WHAT NEEDS TO BE DONE: All lines with the word "Dright" in the material below are required.

SUPPLIED ENTRIES:
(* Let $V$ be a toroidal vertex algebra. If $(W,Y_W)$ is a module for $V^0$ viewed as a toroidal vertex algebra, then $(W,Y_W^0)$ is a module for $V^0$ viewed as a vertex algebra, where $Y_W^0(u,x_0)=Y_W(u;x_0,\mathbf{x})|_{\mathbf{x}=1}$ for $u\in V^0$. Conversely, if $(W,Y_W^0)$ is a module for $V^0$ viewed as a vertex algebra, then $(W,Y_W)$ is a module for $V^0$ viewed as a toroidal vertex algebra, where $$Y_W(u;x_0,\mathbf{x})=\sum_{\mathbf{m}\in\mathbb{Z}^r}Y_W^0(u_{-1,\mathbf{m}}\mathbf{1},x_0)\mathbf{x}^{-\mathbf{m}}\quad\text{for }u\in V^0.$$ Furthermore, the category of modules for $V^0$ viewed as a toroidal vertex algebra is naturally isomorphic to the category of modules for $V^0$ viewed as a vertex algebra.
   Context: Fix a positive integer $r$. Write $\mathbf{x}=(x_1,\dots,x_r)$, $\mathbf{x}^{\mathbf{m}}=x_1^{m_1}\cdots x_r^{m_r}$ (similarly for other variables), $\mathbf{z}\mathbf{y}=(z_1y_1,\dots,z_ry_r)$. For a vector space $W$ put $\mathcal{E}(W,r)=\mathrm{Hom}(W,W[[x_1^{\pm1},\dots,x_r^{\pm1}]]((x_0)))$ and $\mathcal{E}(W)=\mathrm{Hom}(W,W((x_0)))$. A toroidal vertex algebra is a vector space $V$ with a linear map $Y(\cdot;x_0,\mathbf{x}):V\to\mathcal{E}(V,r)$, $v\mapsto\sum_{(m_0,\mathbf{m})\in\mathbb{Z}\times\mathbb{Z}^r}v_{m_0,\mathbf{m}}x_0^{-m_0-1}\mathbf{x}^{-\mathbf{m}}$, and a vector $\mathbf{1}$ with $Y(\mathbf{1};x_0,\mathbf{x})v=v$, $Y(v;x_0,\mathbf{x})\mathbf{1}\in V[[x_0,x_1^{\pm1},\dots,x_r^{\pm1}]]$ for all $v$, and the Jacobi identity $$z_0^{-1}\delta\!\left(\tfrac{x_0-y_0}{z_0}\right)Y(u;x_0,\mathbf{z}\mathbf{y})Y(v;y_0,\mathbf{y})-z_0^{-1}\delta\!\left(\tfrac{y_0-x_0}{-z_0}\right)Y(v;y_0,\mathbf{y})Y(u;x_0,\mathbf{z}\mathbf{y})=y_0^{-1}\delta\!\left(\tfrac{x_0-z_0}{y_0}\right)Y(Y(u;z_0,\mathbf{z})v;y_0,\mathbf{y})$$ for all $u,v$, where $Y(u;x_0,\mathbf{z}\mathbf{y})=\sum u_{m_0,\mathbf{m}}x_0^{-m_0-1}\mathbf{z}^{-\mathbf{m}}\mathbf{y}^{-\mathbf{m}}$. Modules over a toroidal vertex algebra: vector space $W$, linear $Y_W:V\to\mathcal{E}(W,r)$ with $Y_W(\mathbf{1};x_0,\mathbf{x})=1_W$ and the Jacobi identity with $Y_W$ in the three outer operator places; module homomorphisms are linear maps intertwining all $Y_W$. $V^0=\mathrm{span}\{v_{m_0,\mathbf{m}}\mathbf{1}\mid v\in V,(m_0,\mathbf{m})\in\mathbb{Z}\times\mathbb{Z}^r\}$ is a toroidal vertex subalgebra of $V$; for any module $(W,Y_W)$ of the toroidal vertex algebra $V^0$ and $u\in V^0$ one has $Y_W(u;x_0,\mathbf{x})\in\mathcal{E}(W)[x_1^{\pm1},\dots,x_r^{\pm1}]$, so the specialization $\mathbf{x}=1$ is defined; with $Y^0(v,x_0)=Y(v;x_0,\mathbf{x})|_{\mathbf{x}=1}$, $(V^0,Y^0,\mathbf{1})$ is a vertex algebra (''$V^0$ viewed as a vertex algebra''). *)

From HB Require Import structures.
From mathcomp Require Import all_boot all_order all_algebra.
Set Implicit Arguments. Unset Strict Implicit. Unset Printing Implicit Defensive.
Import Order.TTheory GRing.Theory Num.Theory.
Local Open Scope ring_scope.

--

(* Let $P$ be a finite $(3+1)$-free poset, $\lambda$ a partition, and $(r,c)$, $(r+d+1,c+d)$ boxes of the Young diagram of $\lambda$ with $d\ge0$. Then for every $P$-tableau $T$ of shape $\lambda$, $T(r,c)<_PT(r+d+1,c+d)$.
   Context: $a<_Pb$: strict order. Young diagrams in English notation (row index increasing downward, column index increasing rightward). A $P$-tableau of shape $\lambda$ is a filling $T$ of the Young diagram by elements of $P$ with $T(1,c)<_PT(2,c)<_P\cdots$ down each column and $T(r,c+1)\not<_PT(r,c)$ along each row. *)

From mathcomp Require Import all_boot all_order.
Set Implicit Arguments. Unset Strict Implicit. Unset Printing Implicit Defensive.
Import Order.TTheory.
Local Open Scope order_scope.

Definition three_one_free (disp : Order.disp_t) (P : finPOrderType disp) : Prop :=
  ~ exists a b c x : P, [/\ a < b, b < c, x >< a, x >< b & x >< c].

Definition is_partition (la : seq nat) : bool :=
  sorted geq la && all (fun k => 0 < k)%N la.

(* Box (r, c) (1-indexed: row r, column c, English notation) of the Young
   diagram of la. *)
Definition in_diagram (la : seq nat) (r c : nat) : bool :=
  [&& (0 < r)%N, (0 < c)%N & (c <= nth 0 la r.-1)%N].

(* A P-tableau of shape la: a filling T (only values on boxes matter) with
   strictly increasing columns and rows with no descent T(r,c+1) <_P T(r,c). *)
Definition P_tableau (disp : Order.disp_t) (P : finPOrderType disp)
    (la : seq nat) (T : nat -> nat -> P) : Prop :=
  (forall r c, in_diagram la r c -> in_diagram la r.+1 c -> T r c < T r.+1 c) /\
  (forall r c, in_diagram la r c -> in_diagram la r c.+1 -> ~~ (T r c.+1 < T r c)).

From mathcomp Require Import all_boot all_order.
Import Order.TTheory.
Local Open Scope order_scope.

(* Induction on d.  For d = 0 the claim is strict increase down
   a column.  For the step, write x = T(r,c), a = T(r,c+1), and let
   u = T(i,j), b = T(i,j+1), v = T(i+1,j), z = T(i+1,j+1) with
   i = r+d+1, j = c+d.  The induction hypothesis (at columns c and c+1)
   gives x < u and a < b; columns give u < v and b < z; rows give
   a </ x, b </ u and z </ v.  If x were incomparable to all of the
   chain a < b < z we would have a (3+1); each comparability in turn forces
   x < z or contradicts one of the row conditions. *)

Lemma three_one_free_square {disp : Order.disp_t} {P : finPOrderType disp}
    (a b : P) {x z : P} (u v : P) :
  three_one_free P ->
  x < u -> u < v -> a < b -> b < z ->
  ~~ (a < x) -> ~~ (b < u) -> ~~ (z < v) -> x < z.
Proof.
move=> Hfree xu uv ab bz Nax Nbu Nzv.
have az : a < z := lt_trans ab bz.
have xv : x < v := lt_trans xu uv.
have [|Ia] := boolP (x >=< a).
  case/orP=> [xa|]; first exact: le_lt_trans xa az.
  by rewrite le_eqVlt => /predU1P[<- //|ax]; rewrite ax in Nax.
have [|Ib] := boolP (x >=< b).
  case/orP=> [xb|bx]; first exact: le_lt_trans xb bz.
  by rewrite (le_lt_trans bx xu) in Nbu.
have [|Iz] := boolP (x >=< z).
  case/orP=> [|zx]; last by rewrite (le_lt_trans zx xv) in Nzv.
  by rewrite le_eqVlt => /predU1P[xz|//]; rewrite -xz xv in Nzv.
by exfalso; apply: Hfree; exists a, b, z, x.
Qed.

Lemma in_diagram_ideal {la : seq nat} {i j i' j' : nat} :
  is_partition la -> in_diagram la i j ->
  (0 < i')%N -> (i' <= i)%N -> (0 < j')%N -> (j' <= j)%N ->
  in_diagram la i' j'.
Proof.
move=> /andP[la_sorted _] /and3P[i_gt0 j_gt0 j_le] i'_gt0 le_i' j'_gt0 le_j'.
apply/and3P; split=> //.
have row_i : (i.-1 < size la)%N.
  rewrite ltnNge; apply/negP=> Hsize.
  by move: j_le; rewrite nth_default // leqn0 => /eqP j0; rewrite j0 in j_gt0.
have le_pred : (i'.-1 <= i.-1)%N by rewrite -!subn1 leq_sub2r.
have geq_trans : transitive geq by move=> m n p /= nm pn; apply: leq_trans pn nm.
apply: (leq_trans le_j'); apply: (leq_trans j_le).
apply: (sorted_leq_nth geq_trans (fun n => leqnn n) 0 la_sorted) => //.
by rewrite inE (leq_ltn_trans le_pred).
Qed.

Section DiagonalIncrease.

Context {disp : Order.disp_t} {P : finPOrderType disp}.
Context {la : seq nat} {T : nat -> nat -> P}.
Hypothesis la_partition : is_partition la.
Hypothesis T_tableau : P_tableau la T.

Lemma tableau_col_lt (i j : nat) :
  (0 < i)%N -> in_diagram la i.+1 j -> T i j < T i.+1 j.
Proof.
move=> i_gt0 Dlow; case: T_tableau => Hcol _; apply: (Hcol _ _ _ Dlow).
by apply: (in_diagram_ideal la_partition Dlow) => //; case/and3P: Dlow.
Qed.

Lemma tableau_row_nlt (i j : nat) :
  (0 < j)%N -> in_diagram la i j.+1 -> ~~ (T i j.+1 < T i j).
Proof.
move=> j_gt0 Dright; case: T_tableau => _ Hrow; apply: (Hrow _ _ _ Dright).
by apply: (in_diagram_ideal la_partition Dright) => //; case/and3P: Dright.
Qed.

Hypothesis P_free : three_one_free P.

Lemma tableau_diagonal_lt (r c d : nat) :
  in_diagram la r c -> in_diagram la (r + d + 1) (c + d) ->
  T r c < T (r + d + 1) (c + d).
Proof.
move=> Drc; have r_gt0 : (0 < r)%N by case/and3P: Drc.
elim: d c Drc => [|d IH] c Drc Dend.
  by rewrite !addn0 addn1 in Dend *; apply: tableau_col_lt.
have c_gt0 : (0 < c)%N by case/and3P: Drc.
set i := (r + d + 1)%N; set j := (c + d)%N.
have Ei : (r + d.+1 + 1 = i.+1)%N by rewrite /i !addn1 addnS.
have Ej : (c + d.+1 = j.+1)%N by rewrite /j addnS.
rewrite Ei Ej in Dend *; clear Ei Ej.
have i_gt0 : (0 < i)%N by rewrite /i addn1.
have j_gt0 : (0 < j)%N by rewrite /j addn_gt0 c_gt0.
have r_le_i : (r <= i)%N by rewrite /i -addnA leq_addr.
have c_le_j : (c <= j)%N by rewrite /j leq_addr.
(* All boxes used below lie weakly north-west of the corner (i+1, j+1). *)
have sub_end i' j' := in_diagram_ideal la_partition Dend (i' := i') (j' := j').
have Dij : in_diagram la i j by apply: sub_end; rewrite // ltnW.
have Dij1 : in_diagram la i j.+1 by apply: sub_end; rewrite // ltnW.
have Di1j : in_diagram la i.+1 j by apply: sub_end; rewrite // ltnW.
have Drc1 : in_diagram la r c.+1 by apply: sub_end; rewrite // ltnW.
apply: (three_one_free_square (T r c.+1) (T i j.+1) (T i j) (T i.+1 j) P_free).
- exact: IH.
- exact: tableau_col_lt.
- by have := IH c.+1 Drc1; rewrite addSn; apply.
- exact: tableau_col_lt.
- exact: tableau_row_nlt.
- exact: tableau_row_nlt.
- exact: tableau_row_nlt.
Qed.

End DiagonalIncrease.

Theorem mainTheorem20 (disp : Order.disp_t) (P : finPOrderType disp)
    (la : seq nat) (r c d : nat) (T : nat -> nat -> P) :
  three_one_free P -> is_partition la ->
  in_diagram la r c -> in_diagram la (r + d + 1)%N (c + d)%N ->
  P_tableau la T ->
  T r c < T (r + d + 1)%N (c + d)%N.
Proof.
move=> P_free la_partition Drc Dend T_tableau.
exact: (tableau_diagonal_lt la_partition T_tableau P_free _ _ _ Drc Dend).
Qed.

---

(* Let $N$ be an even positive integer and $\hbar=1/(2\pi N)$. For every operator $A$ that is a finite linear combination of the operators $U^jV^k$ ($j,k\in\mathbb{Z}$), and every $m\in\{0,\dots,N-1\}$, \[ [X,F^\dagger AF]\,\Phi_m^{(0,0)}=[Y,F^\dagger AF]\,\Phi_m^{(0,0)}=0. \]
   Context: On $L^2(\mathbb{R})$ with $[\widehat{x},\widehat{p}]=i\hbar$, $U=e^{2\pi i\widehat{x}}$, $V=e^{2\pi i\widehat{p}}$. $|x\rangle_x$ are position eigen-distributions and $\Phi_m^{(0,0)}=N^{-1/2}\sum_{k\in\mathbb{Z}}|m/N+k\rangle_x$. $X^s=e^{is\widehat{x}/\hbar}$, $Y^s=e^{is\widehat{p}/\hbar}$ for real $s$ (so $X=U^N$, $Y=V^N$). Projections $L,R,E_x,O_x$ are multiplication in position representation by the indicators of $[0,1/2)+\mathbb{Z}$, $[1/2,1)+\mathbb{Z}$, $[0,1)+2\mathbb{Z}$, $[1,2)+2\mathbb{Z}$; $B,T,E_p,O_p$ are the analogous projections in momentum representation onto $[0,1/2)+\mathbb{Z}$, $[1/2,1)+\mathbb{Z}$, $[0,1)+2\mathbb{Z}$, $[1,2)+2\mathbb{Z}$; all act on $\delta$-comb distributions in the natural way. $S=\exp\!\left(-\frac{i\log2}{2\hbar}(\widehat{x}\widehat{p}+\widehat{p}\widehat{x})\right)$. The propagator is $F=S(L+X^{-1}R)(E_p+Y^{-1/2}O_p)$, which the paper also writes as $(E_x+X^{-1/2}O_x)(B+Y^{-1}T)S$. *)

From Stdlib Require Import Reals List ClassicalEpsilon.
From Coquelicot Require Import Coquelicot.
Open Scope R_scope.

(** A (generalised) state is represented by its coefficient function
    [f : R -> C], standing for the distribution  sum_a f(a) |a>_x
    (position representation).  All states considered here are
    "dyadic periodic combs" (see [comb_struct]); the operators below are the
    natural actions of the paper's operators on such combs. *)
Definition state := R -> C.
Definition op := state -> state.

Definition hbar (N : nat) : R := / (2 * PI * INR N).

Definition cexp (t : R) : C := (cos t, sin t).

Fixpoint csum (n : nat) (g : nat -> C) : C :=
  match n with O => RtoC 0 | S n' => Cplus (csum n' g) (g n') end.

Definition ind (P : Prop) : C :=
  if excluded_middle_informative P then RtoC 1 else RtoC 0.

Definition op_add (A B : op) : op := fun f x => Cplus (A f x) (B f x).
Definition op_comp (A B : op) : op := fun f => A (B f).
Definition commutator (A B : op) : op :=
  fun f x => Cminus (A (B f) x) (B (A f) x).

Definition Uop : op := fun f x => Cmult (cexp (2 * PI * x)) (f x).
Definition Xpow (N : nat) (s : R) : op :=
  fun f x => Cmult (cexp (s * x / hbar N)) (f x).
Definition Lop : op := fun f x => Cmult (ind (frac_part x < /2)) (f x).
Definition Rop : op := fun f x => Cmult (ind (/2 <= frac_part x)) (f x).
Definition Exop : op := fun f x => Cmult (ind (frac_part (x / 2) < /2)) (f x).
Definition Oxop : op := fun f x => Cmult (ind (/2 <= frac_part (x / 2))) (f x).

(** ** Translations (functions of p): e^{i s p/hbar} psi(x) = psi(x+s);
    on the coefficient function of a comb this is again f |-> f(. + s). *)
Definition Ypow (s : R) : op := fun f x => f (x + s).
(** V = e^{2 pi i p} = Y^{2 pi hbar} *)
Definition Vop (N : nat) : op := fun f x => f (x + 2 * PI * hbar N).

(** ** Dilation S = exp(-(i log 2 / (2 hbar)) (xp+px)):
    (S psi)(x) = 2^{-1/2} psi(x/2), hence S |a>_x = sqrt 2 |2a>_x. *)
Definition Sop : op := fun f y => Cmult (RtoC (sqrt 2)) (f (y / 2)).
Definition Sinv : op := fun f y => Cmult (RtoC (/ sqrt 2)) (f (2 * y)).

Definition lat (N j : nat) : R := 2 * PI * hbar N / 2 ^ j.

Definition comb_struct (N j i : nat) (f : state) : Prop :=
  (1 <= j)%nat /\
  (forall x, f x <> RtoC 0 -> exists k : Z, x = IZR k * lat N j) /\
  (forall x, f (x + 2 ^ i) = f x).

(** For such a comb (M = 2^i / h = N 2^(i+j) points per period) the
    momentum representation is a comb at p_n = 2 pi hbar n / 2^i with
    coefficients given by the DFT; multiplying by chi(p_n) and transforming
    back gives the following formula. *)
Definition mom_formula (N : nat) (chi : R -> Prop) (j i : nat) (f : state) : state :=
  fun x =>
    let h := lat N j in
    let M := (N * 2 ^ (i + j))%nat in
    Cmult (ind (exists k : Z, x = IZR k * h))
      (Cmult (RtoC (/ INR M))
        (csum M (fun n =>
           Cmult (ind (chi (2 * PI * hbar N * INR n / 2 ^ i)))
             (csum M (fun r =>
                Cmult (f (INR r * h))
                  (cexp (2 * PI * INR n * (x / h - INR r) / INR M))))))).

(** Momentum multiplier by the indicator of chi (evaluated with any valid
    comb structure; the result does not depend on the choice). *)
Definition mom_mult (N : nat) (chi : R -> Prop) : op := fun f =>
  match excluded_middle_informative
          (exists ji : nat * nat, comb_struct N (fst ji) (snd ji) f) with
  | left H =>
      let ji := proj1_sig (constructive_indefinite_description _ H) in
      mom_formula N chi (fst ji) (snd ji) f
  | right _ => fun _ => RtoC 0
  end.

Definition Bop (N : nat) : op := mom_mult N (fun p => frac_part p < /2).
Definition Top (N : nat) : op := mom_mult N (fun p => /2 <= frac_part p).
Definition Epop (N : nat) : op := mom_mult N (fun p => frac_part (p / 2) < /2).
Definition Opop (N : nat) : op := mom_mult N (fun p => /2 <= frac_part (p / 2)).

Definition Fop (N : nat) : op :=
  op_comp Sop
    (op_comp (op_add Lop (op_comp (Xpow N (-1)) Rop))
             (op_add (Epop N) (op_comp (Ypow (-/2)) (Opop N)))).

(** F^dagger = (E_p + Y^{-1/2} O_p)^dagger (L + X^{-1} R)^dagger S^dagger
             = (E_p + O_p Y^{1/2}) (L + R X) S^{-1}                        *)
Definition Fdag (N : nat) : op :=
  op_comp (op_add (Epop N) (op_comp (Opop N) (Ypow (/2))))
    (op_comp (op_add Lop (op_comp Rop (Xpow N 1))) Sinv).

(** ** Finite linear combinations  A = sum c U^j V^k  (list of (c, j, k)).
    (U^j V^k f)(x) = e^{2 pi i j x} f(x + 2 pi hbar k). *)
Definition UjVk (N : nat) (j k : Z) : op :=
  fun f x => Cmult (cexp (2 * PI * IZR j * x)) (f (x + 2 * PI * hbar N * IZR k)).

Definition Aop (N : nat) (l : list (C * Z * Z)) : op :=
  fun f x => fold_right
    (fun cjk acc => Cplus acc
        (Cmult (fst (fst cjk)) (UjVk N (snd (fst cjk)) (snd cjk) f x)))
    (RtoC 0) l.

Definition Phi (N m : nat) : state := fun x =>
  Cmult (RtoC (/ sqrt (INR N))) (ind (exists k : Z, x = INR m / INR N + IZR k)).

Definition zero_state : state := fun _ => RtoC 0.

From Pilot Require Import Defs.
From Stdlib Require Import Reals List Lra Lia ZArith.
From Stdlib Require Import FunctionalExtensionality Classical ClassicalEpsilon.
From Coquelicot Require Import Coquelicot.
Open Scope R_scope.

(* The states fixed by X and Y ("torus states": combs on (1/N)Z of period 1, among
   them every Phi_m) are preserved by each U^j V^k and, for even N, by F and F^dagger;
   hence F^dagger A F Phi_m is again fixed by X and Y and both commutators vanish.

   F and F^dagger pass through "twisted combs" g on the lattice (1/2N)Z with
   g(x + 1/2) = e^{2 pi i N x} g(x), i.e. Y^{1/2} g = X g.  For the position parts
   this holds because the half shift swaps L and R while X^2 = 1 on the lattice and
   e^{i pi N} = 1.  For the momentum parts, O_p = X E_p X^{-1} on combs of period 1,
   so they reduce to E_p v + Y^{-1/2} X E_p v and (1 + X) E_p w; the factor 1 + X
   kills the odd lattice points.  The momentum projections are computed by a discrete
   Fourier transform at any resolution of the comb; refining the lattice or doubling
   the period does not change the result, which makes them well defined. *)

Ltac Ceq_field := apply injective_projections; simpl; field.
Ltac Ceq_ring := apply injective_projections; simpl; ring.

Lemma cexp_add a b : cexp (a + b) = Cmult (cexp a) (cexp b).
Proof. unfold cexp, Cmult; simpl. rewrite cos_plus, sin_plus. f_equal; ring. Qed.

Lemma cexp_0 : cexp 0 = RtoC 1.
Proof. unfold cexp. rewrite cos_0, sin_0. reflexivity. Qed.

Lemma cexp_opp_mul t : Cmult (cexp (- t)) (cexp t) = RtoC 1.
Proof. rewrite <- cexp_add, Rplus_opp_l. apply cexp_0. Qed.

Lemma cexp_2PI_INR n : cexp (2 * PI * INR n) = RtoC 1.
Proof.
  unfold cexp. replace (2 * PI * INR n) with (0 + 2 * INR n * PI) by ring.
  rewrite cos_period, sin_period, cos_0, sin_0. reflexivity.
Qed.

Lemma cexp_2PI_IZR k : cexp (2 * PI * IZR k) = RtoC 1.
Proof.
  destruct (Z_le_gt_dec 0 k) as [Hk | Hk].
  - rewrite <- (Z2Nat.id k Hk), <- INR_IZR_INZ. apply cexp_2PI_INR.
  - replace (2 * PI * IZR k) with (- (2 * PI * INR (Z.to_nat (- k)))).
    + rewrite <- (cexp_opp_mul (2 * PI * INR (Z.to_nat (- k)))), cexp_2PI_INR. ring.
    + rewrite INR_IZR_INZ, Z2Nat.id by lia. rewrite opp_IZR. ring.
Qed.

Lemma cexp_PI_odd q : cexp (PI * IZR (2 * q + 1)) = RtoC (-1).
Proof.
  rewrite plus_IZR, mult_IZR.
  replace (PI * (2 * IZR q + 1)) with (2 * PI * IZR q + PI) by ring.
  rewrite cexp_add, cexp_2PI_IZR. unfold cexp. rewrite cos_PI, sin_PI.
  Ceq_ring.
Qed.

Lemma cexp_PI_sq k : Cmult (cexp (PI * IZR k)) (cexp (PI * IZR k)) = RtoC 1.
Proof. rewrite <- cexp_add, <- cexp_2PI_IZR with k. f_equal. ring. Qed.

SOLUTION FOR THIS EXERCISE:
move=> j_gt0 Dright; case: T_tableau => _ Hrow; apply: (Hrow _ _ _ Dright).
by apply: (in_diagram_ideal la_partition Dright) => //; case/and3P: Dright.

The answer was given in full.